◆ **Collected data entries**
■ ■ ■ ■ ■ ■ ■
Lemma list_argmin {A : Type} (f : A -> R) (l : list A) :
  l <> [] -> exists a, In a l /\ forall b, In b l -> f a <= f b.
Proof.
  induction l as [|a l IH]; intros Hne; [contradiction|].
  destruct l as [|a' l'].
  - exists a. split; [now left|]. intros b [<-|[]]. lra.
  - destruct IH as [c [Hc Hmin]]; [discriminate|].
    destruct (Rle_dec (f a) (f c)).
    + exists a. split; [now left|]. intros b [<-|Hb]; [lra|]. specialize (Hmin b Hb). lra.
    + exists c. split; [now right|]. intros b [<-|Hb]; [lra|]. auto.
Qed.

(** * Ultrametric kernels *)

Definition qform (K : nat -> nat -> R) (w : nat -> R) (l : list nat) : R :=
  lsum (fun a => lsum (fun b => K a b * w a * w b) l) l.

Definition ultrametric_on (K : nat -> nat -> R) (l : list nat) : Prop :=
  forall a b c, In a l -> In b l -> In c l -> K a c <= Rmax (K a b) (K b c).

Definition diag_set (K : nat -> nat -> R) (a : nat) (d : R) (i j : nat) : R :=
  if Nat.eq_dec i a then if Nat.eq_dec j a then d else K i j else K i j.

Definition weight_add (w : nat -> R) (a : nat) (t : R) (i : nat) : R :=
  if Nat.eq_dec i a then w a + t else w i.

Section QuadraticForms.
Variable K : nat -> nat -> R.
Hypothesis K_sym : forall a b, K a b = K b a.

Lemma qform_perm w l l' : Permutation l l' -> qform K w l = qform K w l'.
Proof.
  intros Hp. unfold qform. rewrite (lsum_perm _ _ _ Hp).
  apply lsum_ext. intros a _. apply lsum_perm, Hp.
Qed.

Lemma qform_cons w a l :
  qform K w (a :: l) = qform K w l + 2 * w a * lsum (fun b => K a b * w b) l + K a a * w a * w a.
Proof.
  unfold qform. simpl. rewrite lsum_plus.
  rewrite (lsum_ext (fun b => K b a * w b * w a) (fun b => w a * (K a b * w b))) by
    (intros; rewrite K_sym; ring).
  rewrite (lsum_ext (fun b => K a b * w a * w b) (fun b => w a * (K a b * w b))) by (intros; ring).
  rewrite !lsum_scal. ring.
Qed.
■ ■ ■ ■ ■ ■ ■
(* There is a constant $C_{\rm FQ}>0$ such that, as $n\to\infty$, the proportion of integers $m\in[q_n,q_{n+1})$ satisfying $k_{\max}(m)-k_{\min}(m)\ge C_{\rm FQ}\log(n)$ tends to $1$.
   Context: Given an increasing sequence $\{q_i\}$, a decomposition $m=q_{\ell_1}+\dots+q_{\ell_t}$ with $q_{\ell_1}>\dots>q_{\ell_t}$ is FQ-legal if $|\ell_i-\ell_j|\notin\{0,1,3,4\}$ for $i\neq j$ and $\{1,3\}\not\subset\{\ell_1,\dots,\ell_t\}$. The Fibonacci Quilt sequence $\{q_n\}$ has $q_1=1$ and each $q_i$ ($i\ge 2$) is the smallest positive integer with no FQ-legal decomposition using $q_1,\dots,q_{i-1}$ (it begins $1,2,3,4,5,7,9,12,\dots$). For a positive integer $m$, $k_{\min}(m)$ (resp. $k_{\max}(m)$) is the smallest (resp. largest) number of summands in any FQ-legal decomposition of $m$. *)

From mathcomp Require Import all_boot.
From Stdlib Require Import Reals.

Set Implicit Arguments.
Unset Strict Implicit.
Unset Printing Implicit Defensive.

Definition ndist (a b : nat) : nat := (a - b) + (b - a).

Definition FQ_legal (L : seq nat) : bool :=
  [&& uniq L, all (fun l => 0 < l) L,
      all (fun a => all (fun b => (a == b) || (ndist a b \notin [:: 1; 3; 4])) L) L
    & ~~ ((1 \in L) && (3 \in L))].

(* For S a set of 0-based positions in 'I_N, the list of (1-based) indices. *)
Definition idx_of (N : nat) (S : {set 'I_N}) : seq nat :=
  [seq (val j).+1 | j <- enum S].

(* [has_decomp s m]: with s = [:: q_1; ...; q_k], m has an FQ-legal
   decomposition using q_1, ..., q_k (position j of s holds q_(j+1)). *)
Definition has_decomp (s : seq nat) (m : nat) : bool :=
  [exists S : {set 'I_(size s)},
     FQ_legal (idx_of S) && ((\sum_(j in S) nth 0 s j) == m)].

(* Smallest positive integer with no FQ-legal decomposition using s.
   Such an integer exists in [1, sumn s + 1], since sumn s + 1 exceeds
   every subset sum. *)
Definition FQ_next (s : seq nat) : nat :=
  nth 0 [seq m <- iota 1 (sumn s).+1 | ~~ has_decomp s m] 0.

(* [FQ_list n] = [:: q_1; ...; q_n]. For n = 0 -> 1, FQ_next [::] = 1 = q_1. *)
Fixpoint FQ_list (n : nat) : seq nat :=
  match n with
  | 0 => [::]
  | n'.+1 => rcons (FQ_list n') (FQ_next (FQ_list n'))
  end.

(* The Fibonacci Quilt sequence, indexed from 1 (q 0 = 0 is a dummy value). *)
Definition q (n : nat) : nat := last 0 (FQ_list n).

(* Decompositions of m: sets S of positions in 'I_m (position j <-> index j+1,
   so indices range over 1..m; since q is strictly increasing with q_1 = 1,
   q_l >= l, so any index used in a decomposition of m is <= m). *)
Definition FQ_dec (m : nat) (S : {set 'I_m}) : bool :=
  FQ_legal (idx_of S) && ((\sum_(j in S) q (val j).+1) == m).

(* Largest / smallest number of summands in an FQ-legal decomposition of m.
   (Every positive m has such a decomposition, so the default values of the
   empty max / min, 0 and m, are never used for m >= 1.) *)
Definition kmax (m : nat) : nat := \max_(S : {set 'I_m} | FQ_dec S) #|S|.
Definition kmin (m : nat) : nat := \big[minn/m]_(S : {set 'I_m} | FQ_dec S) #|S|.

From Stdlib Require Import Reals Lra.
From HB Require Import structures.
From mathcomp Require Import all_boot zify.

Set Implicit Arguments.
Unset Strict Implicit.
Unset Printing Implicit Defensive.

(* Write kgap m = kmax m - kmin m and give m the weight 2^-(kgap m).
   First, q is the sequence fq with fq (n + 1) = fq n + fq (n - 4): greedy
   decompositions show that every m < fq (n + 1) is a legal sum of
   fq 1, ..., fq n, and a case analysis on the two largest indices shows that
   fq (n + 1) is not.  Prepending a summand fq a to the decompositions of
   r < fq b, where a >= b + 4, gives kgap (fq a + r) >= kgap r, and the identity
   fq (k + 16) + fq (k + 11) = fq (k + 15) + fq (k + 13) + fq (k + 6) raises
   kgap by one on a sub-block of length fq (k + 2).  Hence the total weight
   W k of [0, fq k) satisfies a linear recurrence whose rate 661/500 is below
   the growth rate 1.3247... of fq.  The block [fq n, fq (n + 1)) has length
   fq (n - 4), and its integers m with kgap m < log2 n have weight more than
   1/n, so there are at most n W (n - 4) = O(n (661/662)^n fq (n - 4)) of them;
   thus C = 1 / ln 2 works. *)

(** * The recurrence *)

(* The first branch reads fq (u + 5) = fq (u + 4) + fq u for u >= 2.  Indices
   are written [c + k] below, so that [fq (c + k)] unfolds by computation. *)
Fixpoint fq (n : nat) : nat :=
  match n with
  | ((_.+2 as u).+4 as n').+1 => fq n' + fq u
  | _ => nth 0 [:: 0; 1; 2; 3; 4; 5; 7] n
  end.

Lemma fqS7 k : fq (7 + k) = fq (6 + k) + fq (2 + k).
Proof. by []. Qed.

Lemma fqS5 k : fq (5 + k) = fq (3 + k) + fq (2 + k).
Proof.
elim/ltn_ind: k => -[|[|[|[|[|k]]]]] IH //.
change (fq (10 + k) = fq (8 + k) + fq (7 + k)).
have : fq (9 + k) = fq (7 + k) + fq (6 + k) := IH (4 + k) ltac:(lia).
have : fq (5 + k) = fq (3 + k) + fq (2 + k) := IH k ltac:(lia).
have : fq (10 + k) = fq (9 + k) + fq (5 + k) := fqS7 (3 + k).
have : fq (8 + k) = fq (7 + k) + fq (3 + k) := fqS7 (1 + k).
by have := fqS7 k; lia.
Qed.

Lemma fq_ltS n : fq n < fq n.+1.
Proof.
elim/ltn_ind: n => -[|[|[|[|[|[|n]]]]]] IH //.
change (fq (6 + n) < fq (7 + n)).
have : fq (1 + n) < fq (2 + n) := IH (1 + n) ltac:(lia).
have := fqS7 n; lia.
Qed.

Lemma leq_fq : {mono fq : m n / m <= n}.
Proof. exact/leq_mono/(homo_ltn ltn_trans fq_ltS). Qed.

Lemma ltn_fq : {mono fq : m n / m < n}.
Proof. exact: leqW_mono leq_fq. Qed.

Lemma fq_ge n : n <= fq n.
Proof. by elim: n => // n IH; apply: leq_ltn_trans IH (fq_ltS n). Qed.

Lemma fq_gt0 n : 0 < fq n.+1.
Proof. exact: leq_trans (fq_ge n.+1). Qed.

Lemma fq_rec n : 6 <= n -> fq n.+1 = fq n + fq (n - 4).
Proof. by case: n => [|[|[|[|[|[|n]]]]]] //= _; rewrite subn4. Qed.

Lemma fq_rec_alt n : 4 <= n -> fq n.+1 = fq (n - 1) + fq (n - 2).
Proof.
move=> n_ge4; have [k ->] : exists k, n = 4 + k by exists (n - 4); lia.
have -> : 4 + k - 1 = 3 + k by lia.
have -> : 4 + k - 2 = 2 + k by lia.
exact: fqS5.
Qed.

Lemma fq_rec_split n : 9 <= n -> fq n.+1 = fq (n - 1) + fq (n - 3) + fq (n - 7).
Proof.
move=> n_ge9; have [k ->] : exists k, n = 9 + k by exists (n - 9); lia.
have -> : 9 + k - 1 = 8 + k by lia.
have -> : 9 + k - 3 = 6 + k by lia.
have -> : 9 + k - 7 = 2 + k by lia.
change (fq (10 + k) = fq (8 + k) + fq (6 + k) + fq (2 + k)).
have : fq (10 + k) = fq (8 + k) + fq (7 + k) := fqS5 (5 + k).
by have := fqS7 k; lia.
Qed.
■ ■ ■ ■ ■ ■ ■
◆ **Work to be completed**
For this exercise, output exactly the lines above from the line with "Definition idx_of (N" to the line with "q_l >= l, so", counting both, and leave out the rest.

◆ **Response below**
Definition idx_of (N : nat) (S : {set 'I_N}) : seq nat :=
  [seq (val j).+1 | j <- enum S].

(* [has_decomp s m]: with s = [:: q_1; ...; q_k], m has an FQ-legal
   decomposition using q_1, ..., q_k (position j of s holds q_(j+1)). *)
Definition has_decomp (s : seq nat) (m : nat) : bool :=
  [exists S : {set 'I_(size s)},
     FQ_legal (idx_of S) && ((\sum_(j in S) nth 0 s j) == m)].

(* Smallest positive integer with no FQ-legal decomposition using s.
   Such an integer exists in [1, sumn s + 1], since sumn s + 1 exceeds
   every subset sum. *)
Definition FQ_next (s : seq nat) : nat :=
  nth 0 [seq m <- iota 1 (sumn s).+1 | ~~ has_decomp s m] 0.

(* [FQ_list n] = [:: q_1; ...; q_n]. For n = 0 -> 1, FQ_next [::] = 1 = q_1. *)
Fixpoint FQ_list (n : nat) : seq nat :=
  match n with
  | 0 => [::]
  | n'.+1 => rcons (FQ_list n') (FQ_next (FQ_list n'))
  end.

(* The Fibonacci Quilt sequence, indexed from 1 (q 0 = 0 is a dummy value). *)
Definition q (n : nat) : nat := last 0 (FQ_list n).

(* Decompositions of m: sets S of positions in 'I_m (position j <-> index j+1,
   so indices range over 1..m; since q is strictly increasing with q_1 = 1,
   q_l >= l, so any index used in a decomposition of m is <= m). *)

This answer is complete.